The first paragraph of the Statement provides that the Government of the United States of America hereby agrees that the Statement of the Government of the Union of Soviet Socialist Republics of today's date (i.e., June 14, 1991) provides a satisfactory basis for proceeding toward ratification and implementation of the Treaty on Conventional Armed Forces in Europe of November 19, 1990 (the Treaty).

The second paragraph of the Statement provides that the aforementioned Statement of the Government of the Union of Soviet Socialist Republics and the Statement of the Government of the United States of America shall be equally legally binding; they shall enter into force simultaneously with the Treaty, and shall have the same duration as the Treaty.

The response Statement legally obligates the United States and the other 20 Signatories in two ways.
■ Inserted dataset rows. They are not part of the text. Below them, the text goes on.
(* Let $K,L,T$ be positive integers and let $(\alpha,\beta)\in\mathcal{A}(K,L,T)$ be a degree table, with $N=\operatorname{N}(\alpha,\beta)$. Then: (1) $KL+\max\{K,L\}+2T-1 \le N$; (2) if $3\max\{K,L\}+3T-2 < KL$ or $2 \le K = L$, then $KL+\max\{K,L\}+2T \le N$; (3) $KL+K+L+2T-1-T\min\{K,L,T\} \le N$.
   Context: A degree table with parameters $K,L,T$ is a tuple $(\alpha_{\mathrm p},\alpha_{\mathrm s},\beta_{\mathrm p},\beta_{\mathrm s})$ of nonnegative integer vectors of lengths $K,T,L,T$ respectively such that, writing $\alpha=(\alpha_{\mathrm p}\mid\alpha_{\mathrm s})$ and $\beta=(\beta_{\mathrm p}\mid\beta_{\mathrm s})$ for the concatenations: (i) all entries of $\alpha$ are distinct; (ii) all entries of $\beta$ are distinct; (iii) for every integer $n\in\operatorname{Set}(\alpha_{\mathrm p})+\operatorname{Set}(\beta_{\mathrm p})$ there is a unique $i\in\operatorname{Set}(\alpha)$ and a unique $j\in\operatorname{Set}(\beta)$ with $n=i+j$. Here $\operatorname{Set}(v)$ is the set of entries of $v$ and $A+B=\{a+b:a\in A,b\in B\}$. $\mathcal{A}(K,L,T)$ denotes the set of all such degree tables, and $\operatorname{N}(\alpha,\beta)=|\operatorname{Set}(\alpha)+\operatorname{Set}(\beta)|$. *)

From mathcomp Require Import all_boot all_order all_algebra.
Set Implicit Arguments. Unset Strict Implicit. Unset Printing Implicit Defensive.

Definition degree_table (K L T : nat) (ap as_ bp bs : seq nat) : Prop :=
  [/\ size ap = K, size as_ = T, size bp = L & size bs = T] /\
  [/\ uniq (ap ++ as_),
      uniq (bp ++ bs) &
      forall n : nat,
        (exists a b, [/\ a \in ap, b \in bp & n = a + b]) ->
        exists! ij : nat * nat,
          [/\ ij.1 \in ap ++ as_, ij.2 \in bp ++ bs & n = ij.1 + ij.2] ].

Definition sumset_card (alpha beta : seq nat) : nat :=
  size (undup [seq i + j | i <- alpha, j <- beta]).

From mathcomp Require Import all_boot all_order all_algebra.
From mathcomp Require Import zify.
Set Implicit Arguments. Unset Strict Implicit. Unset Printing Implicit Defensive.

(* The K L primary sums ap + bp are pairwise distinct and, since their representations are
   unique, differ from every sum with a summand in as_ or bs; so N is at least K L plus the
   number of these secondary sums, among which are those of A + bs, A = ap ++ as_.
   (1) A + bs has at least |A| + |bs| - 1 elements (the integer Cauchy-Davenport bound);
   exchanging the two sides gives the bound with L.
   (2) If |A + bs| = |A| + |bs| - 1, then for every x in A the set A + bs consists exactly
   of the a + min bs (a < x), the x + bs and the a + max bs (a > x). If it also contained
   every s + b (s in as_, b in bp), each such b would lie outside [min bs, max bs], and two
   elements of bp would give a second representation of a primary sum. So N gains one.
   (3) For fixed s in as_, every t in bs puts at most T sums s + b (b in bp) into A + t:
   one through ap and T - 1 through as_ minus s. Hence at least L - T^2 of them are new. *)

Definition sumset (X Y : seq nat) : seq nat := [seq x + y | x <- X, y <- Y].

Lemma seq_min_exists (s : seq nat) : s != [::] ->
  exists2 m, m \in s & forall x, x \in s -> m <= x.
Proof.
case: s => // x s _.
by case: (ex_minnP (ex_intro (fun n => n \in x :: s) x (mem_head x s))) => m; exists m.
Qed.

Lemma seq_max_exists (s : seq nat) : s != [::] ->
  exists2 m, m \in s & forall x, x \in s -> x <= m.
Proof.
case: s => // x s _.
have ub y : y \in x :: s -> y <= \max_(z <- x :: s) z by move=> ys; apply: leq_bigmax_seq.
by case: (ex_maxnP (ex_intro (fun n => n \in x :: s) x (mem_head x s)) ub) => m; exists m.
Qed.

Lemma uniq_size_gt1 (s : seq nat) : uniq s -> 1 < size s ->
  exists b b', [/\ b \in s, b' \in s & b < b'].
Proof.
case: s => [|x [|y s]] //= /andP[]; rewrite inE negb_or => /andP[xy _] _ _.
have xs : x \in [:: x, y & s] by rewrite mem_head.
have ys : y \in [:: x, y & s] by rewrite !inE eqxx orbT.
by case: (ltngtP x y) => [lt|gt|eq]; [exists x, y | exists y, x | rewrite eq eqxx in xy].
Qed.

Lemma uniq_cat_disjoint (T : eqType) (s1 s2 : seq T) x :
  uniq (s1 ++ s2) -> x \in s1 -> x \in s2 -> False.
Proof. by rewrite cat_uniq => /and3P[_ /hasPn/(_ x) h _] x1 /h; rewrite x1. Qed.

Lemma count_le1 (T : eqType) (P : pred T) (s : seq T) : uniq s ->
  {in s &, forall x y, P x -> P y -> x = y} -> count P s <= 1.
Proof.
move=> us Pinj; case: (boolP (has P s)) => [/hasP[x xs Px]|/hasPn Pn]; last first.
  by rewrite (eq_in_count (a2 := pred0)) ?count_pred0 // => y /Pn /negbTE.
rewrite (eq_in_count (a2 := pred1 x)) ?count_uniq_mem ?leq_b1 // => y ys /=.
by apply/idP/eqP => [Py|->//]; apply: Pinj.
Qed.

Lemma count_mem_inj_le (T1 T2 : eqType) (f : T1 -> T2) (s : seq T1) (S : seq T2) :
  uniq s -> injective f -> count (fun x => f x \in S) s <= size S.
Proof.
move=> us finj; rewrite -size_filter -(size_map f).
apply: uniq_leq_size; first by rewrite map_inj_uniq ?filter_uniq.
by move=> _ /mapP[x + ->]; rewrite mem_filter => /andP[].
Qed.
The first paragraph obligates the Signatories to accept the settlement offered by the Soviet Union. This point is particularly important because Section VI of the Soviet Statement reinforces the comprehensive scope of the Treaty's counting rules.

The first paragraph also obligates the responding Signatories to proceed toward ratification of the Treaty. However, this provision does not obligate the United States or any other responding Signatory to ratify the Treaty. The phrase "proceeding toward ratification" merely means, in the case of the United States, that the President will proceed to seek the advice and consent of the U.S. Senate with respect to ratification of the Treaty.